For questions, contact one of the organizers: Juhi Jang, Igor Kukavica, Nabil Ziane, or Christian Zillinger

Thursday, January 12, 2017, 3:30-4:30pm in KAP 245

Polona Durcik, University of Bonn

Entangled multilinear forms and applications

Abstract: We discuss L^p estimates for some multilinear singular integral forms and their applications to sharp quantitative norm convergence of ergodic averages with respect to two commuting transformations, quantitative cancellation estimates for the simplex Hilbert transform, and a question on side lengths of corners in dense subsets of the Euclidean space.

Friday, February 10, 2017

Eun Heui Kim, California State University, Long Beach

Two dimensional Riemann problems for the nonlinear wave system: Rarefaction wave interactions

Abstract: We analyze rarefaction wave interactions of self-similar transonic irrotational flow in gas dynamics for the two dimensional Riemann problems. We establish the existence result of the transonic solution to the prototype nonlinear wave system for the sectorial Riemann data, and study the formation of the sonic boundary and the transonic shock.

Friday, March 10, 2017

Ming Chen, University of Pittsburgh

Solitary stratified water waves

Abstract: We consider 2D steady water waves with heterogeneous density.

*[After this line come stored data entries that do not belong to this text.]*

Lemma LSint_concat g a b c : nonneg g -> a <= b -> b <= c ->
  ele (eplus (LSint F g a b) (LSint F g b c)) (LSint F g a c).
Proof.
  intros Hg Hab Hbc. unfold LSint.
  destruct (esup (lower_sum F g a c)) as [z|] eqn:Ez; [|apply ele_PInf].
  assert (E1 : ele (esup (lower_sum F g a b)) (Fin z)).
  { apply esup_le; [exists 0; now apply lower_sum_zero|].
    intros s1 H1. replace s1 with (s1 + 0) by ring.
    apply (esup_fin_ub _ _ _ Ez).
    exact (lower_sum_concat _ _ _ _ _ _ H1 (lower_sum_zero g b c Hg Hbc)). }
  destruct (esup (lower_sum F g a b)) as [x|] eqn:Ex; [|contradiction].
  assert (E2 : ele (esup (lower_sum F g b c)) (Fin (z - x))).
  { apply esup_le; [exists 0; now apply lower_sum_zero|].
    intros s2 H2. enough (x <= z - s2) by lra.
    apply (esup_fin_le _ _ _ Ex). intros s1 H1.
    pose proof (esup_fin_ub _ _ _ Ez (lower_sum_concat _ _ _ _ _ _ H1 H2)); lra. }
  destruct (esup (lower_sum F g b c)); simpl in *; [lra | contradiction].
Qed.

Lemma LSint_split g a b c : nonneg g -> a <= b -> b <= c ->
  ele (LSint F g a c) (eplus (LSint F g a b) (LSint F g b c)).
Proof.
  intros Hg Hab Hbc. unfold LSint.
  destruct (esup (lower_sum F g a b)) as [x|] eqn:Ex; [|apply ele_PInf].
  destruct (esup (lower_sum F g b c)) as [y|] eqn:Ey; [|apply ele_PInf].
  apply esup_le; [exists 0; apply lower_sum_zero; auto; lra|].
  intros s Hs. destruct (lower_sum_split _ _ _ _ Hs b ltac:(lra)) as [s1 [s2 [H1 [H2 ->]]]].
  pose proof (esup_fin_ub _ _ _ Ex H1); pose proof (esup_fin_ub _ _ _ Ey H2); lra.
Qed.

Lemma LSint_scale g h a b lam : 0 < lam -> nonneg g -> a <= b ->
  (forall y, a < y <= b -> ele (escale lam (g y)) (h y)) ->
  ele (escale lam (LSint F g a b)) (LSint F h a b).
Proof.
  intros Hl Hg Hab Hh. unfold LSint at 2.
  destruct (esup (lower_sum F h a b)) as [z|] eqn:Ez; [|apply ele_PInf].
  assert (Hb : ele (LSint F g a b) (Fin (z / lam))).
  { apply esup_le; [exists 0; now apply lower_sum_zero|].
    intros s Hs.
    pose proof (esup_fin_ub _ _ _ Ez (lower_sum_scale _ _ _ _ _ _ (Rlt_le _ _ Hl) Hh Hs)).
    apply (Rmult_le_reg_l lam); auto. replace (lam * (z / lam)) with z by (field; lra). lra. }
  apply ele_trans with (escale lam (Fin (z / lam))); [now apply escale_mono; [lra|]|].
  simpl. right; field; lra.
Qed.

End LowerSums.

Definition dirac (c x : R) : R := if Rlt_dec x c then 0 else 1.

Lemma dirac_lt c x : x < c -> dirac c x = 0.
Proof. unfold dirac; destruct (Rlt_dec x c); lra. Qed.

Lemma dirac_ge c x : c <= x -> dirac c x = 1.
Proof. unfold dirac; destruct (Rlt_dec x c); lra. Qed.

Lemma dirac_cdf c : 0 <= c <= 1 -> is_cdf01 (dirac c).
Proof.
  intros Hc. repeat split.
  - intros x y Hxy. unfold dirac; destruct (Rlt_dec x c), (Rlt_dec y c); lra.
  - intros x Hx; apply dirac_lt; lra.
  - intros x Hx; apply dirac_ge; lra.
  - intros x eps He. destruct (Rlt_dec x c) as [Hx|Hx].
    + exists (c - x); split; [lra|]. intros y Hy. rewrite !dirac_lt by lra; lra.
    + exists 1; split; [lra|]. intros y Hy. rewrite !dirac_ge by lra; lra.
Qed.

The presence of stratification allows for a wide variety of traveling waves, including fronts, so-called generalized solitary waves with ripples in the far field, and even fronts with ripples! Among these many possible wave patterns, we prove that for any smooth choice of upstream velocity and monotone streamline density function, there always exists a continuous curve of solitary waves with large amplitude, which are even and decreasing monotonically on either side of a central crest. As one moves along this curve, the horizontal fluid velocity comes arbitrarily close to the wave speed. We will also discuss a number of results characterizing the qualitative features of solitary stratified waves. In part, these include bounds on the Froude number from above and below that are new even for constant density flow; an a priori bound on the velocity field and lower bound on the pressure; a proof of the nonexistence of monotone bores for stratified surface waves; and a theorem ensuring that all supercritical solitary waves of elevation have an axis of even symmetry. This is a joint work with Sam Walsh and Miles Wheeler.

Friday, March 24, 2017

Alpar Richard Meszaros, UCLA

Density constraints and congestion effects in advection-diffusion equations

Abstract: In this talk I will present how the theory of optimal transport can be used to study some PDE systems (not necessarily having a gradient flow structure) describing the evolution of the density of a population subject to a density constraint. In this context a particular emphasis will be on a Fokker-Planck type equation. From the modeling point of view this equation can describe the movement of a crowd in a bounded domain, when individuals try to follow a given spontaneous velocity field, but are subject to a Brownian diffusion and - to avoid congestion - have to adapt to a density constraint. From the mathematical point of view, a pressure gradient appears in the PDE (active only in the saturated zones) which affects the movement. The presented results are based on joint works with F. Santambrogio (Paris-Sud, Orsay) and with S. Di Marino (SNS, Pisa).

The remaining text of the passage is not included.